ACTIVITY: Going down the listing below, print exactly each line from the one with "move=> /existsNP [y /not_implyP [y_ge0 /negP]]." up to and including the one with "by exists (l, 0);", and skip the rest.

INFORMATION PROVIDED:
*** Begin section ***
Lemma cone_rep_mean (I : finType) x (L : I -> 'I_n -> R) :
  (0 < #|I|)%N -> (forall k, cone_rep x (L k)) ->
  cone_rep x (fun i => #|I|%:R^-1 * \sum_k L k i).
Proof.
move=> I_gt0 rep; split=> [i|].
  by rewrite mulr_ge0 ?invr_ge0 // sumr_ge0 // => k _; case: (rep k).
under eq_bigr do rewrite -scalerA scaler_suml.
rewrite -scaler_sumr exchange_big /=.
under [X in _ *: X]eq_bigr => k _ do rewrite -(proj2 (rep k)).
by rewrite sumr_const -scaler_nat scalerA mulVf ?scale1r // pnatr_eq0 -lt0n.
Qed.

End ConicRepresentation.

Lemma cone_rep_lift0 (R : realType) m n (v : 'I_n.+1 -> 'rV[R]_m) x t lam :
  0 <= t -> cone_rep (fun i => v (lift ord0 i)) (x - t *: v ord0) lam ->
  exists lam', cone_rep v x lam'.
Proof.
move=> t_ge0 [lam_ge0 xE].
exists (fun i => if unlift ord0 i is Some j then lam j else t); split.
  by move=> i; case: unlift.
rewrite big_ord_recl unlift_none -[x](subrK (t *: v ord0)) xE addrC; congr (_ + _).
by apply: eq_bigr => i _; rewrite liftK.
Qed.

(* Farkas' lemma, by elimination of the first generator. *)
Lemma farkas (R : realType) m n (v : 'I_n -> 'rV[R]_m) c :
  (forall y, (forall i, 0 <= dotv y (v i)) -> 0 <= dotv y c) ->
  exists lam, cone_rep v c lam.
Proof.
elim: n v c => [|n IH] v c Hc.
  exists (fun=> 0); split=> //; rewrite big_ord0; apply: dotvv_le0.
  by rewrite -oppr_ge0 -linearN /= dotvC; apply: Hc => -[].
set a := v ord0; set v' := fun i => v (lift ord0 i).
have [Hc'|] := pselect (forall y, (forall i, 0 <= dotv y (v' i)) -> 0 <= dotv y c).
  have [lam repc] := IH v' c Hc'.
  by apply: (cone_rep_lift0 (t := 0) (lam := lam) (lexx 0)); rewrite scale0r subr0.
move=> /existsNP [y /not_implyP [y_ge0 /negP]]; rewrite -ltNge => yc_lt0.
have ya_lt0 : dotv y a < 0.
  rewrite ltNge; apply/negP => ya_ge0; move: yc_lt0; rewrite ltNge Hc // => i.
  by case: (unliftP ord0 i) => [j ->|->] //; apply: y_ge0.
pose t u := dotv y u / dotv y a.
(* Projecting along [a] parallel to [y] reduces to a family of [n] generators. *)
have proj x u : dotv (x - (dotv x a / dotv y a) *: y) u = dotv x (u - t u *: a).
  by rewrite dotvBl dotvZl linearB linearZ /= /t; ring.
have [lam [lam_ge0 cE]] : exists lam,
    cone_rep (fun i => v' i - t (v' i) *: a) (c - t c *: a) lam.
  apply: IH => x x_ge0; rewrite -proj; apply: Hc => i; rewrite proj.
  case: (unliftP ord0 i) => [j ->|->]; first exact: x_ge0.
  by rewrite /t divff ?scale1r ?subrr ?linear0 // lt_eqF.
apply: (cone_rep_lift0 (t := t c - \sum_i lam i * t (v' i)) (lam := lam)).
  have -> : \sum_i lam i * t (v' i) = (\sum_i lam i * dotv y (v' i)) / dotv y a.
    by rewrite mulr_suml; apply: eq_bigr => i _; rewrite mulrA.
  rewrite /t -mulrBl mulr_le0 ?invr_le0 ?ltW // subr_lt0.
  by rewrite (lt_le_trans yc_lt0) // sumr_ge0 // => i _; rewrite mulr_ge0 ?y_ge0.
split=> //; rewrite scalerBl opprB [_ - t c *: a]addrC addrA cE.
rewrite scaler_suml -big_split /=; apply: eq_bigr => i _.
by rewrite scalerBr scalerA subrK.
Qed.

Section ConeSeparation.
Variables (R : realType) (m n : nat) (v : 'I_n -> 'rV[R]_m).
Implicit Types (x : 'rV[R]_m) (lam : 'I_n -> R).

Lemma cone_rep_pos_coef x l0 j t lam :
  cone_rep v x l0 -> 0 <= t -> (forall i, 0 <= lam i) ->
  v j + \sum_i lam i *: v i = t *: x -> exists2 l, cone_rep v x l & 0 < l j.
Proof.
move=> [l0_ge0 xE] t_ge0 lam_ge0 vjE.
pose s := t + 1; have s_gt0 : 0 < s by rewrite ltr_wpDl.
exists (fun i => (l0 i + lam i + (i == j)%:R) / s); last first.
  by rewrite eqxx divr_gt0 // ltr_wpDl ?addr_ge0.
split=> [i|]; first by rewrite divr_ge0 ?addr_ge0 ?ler0n ?(ltW s_gt0).
have delta : \sum_i (i == j)%:R *: v i = v j.
  by rewrite (bigD1 j) //= eqxx scale1r big1 ?addr0 // => i /negPf ->; rewrite scale0r.
under eq_bigr do rewrite mulrC -scalerA !scalerDl.
rewrite -scaler_sumr !big_split /= -xE delta -addrA [_ + v j]addrC vjE.
by rewrite -{2}[x]scale1r -scalerDl addrC scalerA mulVf ?scale1r ?gt_eqF.
Qed.

Lemma cone_rep_separation x l0 j :
  cone_rep v x l0 -> ~ (exists2 l, cone_rep v x l & 0 < l j) ->
  exists w, [/\ forall i, 0 <= dotv w (v i), dotv w x = 0 & 0 < dotv w (v j)].
Proof.
move=> rep0 no_rep.
(* Either [- v j] lies in the cone of the [v i] and [- x], which yields a
   representation of [x] using [v j], or a functional separates them. *)
pose u i := if unlift ord0 i is Some k then v k else - x.
have [Hfar|] := pselect (forall y, (forall i, 0 <= dotv y (u i)) -> 0 <= dotv y (- v j)).
  have [lam [lam_ge0 vjE]] := farkas Hfar.
  case: no_rep; pose lam' i := lam (lift ord0 i).
  apply: (cone_rep_pos_coef (lam := lam') rep0 (lam_ge0 ord0)) => [i|]; first exact: lam_ge0.
  move: vjE; rewrite big_ord_recl /u unlift_none scalerN => /eqP.
  rewrite eqr_oppLR opprD opprK -subr_eq opprK => /eqP <-; congr (_ + _).
  by apply: eq_bigr => i _; rewrite liftK.
move=> /existsNP [y /not_implyP [y_ge0 /negP]].
rewrite -ltNge linearN oppr_lt0 => yvj_gt0.
have yv_ge0 i : 0 <= dotv y (v i) by have := y_ge0 (lift ord0 i); rewrite /u liftK.
exists y; split=> //; apply/eqP; rewrite eq_le (dotv_cone_ge0 rep0) ?andbT //.
by have := y_ge0 ord0; rewrite /u unlift_none linearN oppr_ge0.
Qed.

(* Every point of the cone lies in the relative interior of some face. *)
Lemma cone_rep_supporting_face x l0 :
  cone_rep v x l0 -> exists w lam, [/\ cone_rep v x lam, forall i, 0 <= dotv w (v i)
    & forall i, (0 < lam i) = (dotv w (v i) == 0)].
Proof.
move=> rep0.
have witness j : exists p : ('I_n -> R) * 'rV[R]_m, [/\ cone_rep v x p.1,
    forall i, 0 <= dotv p.2 (v i), dotv p.2 x = 0 & 0 < p.1 j \/ 0 < dotv p.2 (v j)].
  have [[l repl lj_gt0]|no_rep] := pselect (exists2 l, cone_rep v x l & 0 < l j).
    by exists (l, 0); split; [|move=> i; rewrite dotv0l|rewrite dotv0l|left].
  have [w [w_ge0 wx0 wj_gt0]] := cone_rep_separation rep0 no_rep.
  by exists (l0, w); split=> //; right.
(* Average the representations and add up the functionals. *)
have [f fP] := fin_all_exists witness.
pose L k := if k is Some j then (f j).1 else l0.
pose w := \sum_j (f j).2.
pose lam i := #|{: option 'I_n}|%:R^-1 * \sum_k L k i.
have repL : cone_rep v x lam.
  by apply: cone_rep_mean => [|[j|]] //; [rewrite card_option | case: (fP j)].
have w_ge0 i : 0 <= dotv w (v i).
  by rewrite dotv_suml sumr_ge0 // => j _; case: (fP j).
have wx0 : dotv w x = 0 by rewrite dotv_suml big1 // => j _; case: (fP j).
exists w, lam; split=> // i; apply/idP/eqP => [lam_gt0|wvi0].
  by have /eqP := cone_rep_face repL w_ge0 wx0 i; rewrite mulf_eq0 gt_eqF //= => /eqP.
have fi_terms_ge0 j : predT j -> 0 <= dotv (f j).2 (v i) by case: (fP j).
have /eqP fvi0 :=
  psumr_eq0P fi_terms_ge0 (etrans (esym (dotv_suml _ _ _ _)) wvi0) (isT : predT i).
have [_ _ _ [fi_gt0|]] := fP i; last by rewrite (eqP fvi0) ltxx.
apply: mulr_gt0; first by rewrite invr_gt0 ltr0n card_option.
rewrite (bigD1 (Some i)) //= ltr_pwDl // sumr_ge0 //.
move=> [k|] _ /=; last by case: rep0 => l0_ge0 _; apply: l0_ge0.
by case: (fP k) => -[fk_ge0 _] *; apply: fk_ge0.
Qed.

End ConeSeparation.

Section IntegerVectors.
Variables (R : realType) (m : nat).
Implicit Types u w : 'rV[int]_m.

Lemma rvecD u w : rvec R (u + w) = rvec R u + rvec R w.
Proof. exact: map_mxD. Qed.

Lemma rvecB u w : rvec R (u - w) = rvec R u - rvec R w.
Proof. exact: map_mxB. Qed.

Lemma rvecZ (z : int) u : rvec R (z *: u) = z%:~R *: rvec R u.
Proof. exact: map_mxZ. Qed.

Lemma rvec_sum (I : Type) (r : seq I) (P : pred I) (F : I -> 'rV[int]_m) :
  rvec R (\sum_(i <- r | P i) F i) = \sum_(i <- r | P i) rvec R (F i).
Proof. exact: map_mx_sum. Qed.

End IntegerVectors.

Section PAdicRationals.
Variables (R : realType) (p : nat).

Lemma padic_int (z : int) : padic p (z%:~R : R).
Proof. by exists z, 0%N; rewrite expr0 divr1. Qed.

Lemma padicN (x : R) : padic p x -> padic p (- x).
Proof. by move=> [z [k ->]]; exists (- z), k; rewrite intrN mulNr. Qed.

Lemma padicD (x y : R) : (0 < p)%N -> padic p x -> padic p y -> padic p (x + y).
Proof.
move=> p_gt0 [z [k ->]] [z' [k' ->]].
have pX_neq0 l : (p%:R : R) ^+ l != 0 by rewrite expf_neq0 // pnatr_eq0 -lt0n.
exists (z * p%:Z ^+ k' + z' * p%:Z ^+ k), (k + k')%N.
by rewrite intrD !intrM !rmorphXn /= exprD; field; rewrite !pX_neq0.
Qed.

Lemma padic_divX (x : R) e : padic p x -> padic p (x / p%:R ^+ e).
Proof. by move=> [z [k ->]]; exists z, (k + e)%N; rewrite exprD invfM mulrA. Qed.

End PAdicRationals.

Lemma exists_expn_gt (R : archiFieldType) (p : nat) (I : finType) (P : pred I)
    (lam : I -> R) (c : R) :
  (1 < p)%N -> (forall i, P i -> 0 < lam i) ->
  exists e : nat, forall i, P i -> c < (p ^ e)%:R * lam i.
Proof.
move=> p_gt1 lam_gt0.
pose X := \sum_(i | P i) `|c| / lam i.
have X_ge0 : 0 <= X.
  by rewrite sumr_ge0 // => i Pi; rewrite divr_ge0 ?(ltW (lam_gt0 _ Pi)).
exists (Num.bound X) => i Pi; have lami_gt0 := lam_gt0 i Pi.
rewrite (le_lt_trans (ler_norm c)) // -ltr_pdivrMr //.
apply: le_lt_trans (lt_le_trans (archi_boundP X_ge0) _).
  rewrite /X (bigD1 i) //= lerDl sumr_ge0 // => k /andP[Pk _].
  by rewrite divr_ge0 ?(ltW (lam_gt0 _ Pk)).
by rewrite ler_nat ltnW // ltn_expl.
Qed.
*** End section ***
ANSWER TO THE PROBLEM:
move=> /existsNP [y /not_implyP [y_ge0 /negP]].
rewrite -ltNge linearN oppr_lt0 => yvj_gt0.
have yv_ge0 i : 0 <= dotv y (v i) by have := y_ge0 (lift ord0 i); rewrite /u liftK.
exists y; split=> //; apply/eqP; rewrite eq_le (dotv_cone_ge0 rep0) ?andbT //.
by have := y_ge0 ord0; rewrite /u unlift_none linearN oppr_ge0.
Qed.

(* Every point of the cone lies in the relative interior of some face. *)
Lemma cone_rep_supporting_face x l0 :
  cone_rep v x l0 -> exists w lam, [/\ cone_rep v x lam, forall i, 0 <= dotv w (v i)
    & forall i, (0 < lam i) = (dotv w (v i) == 0)].
Proof.
move=> rep0.
have witness j : exists p : ('I_n -> R) * 'rV[R]_m, [/\ cone_rep v x p.1,
    forall i, 0 <= dotv p.2 (v i), dotv p.2 x = 0 & 0 < p.1 j \/ 0 < dotv p.2 (v j)].
  have [[l repl lj_gt0]|no_rep] := pselect (exists2 l, cone_rep v x l & 0 < l j).
    by exists (l, 0); split; [|move=> i; rewrite dotv0l|rewrite dotv0l|left].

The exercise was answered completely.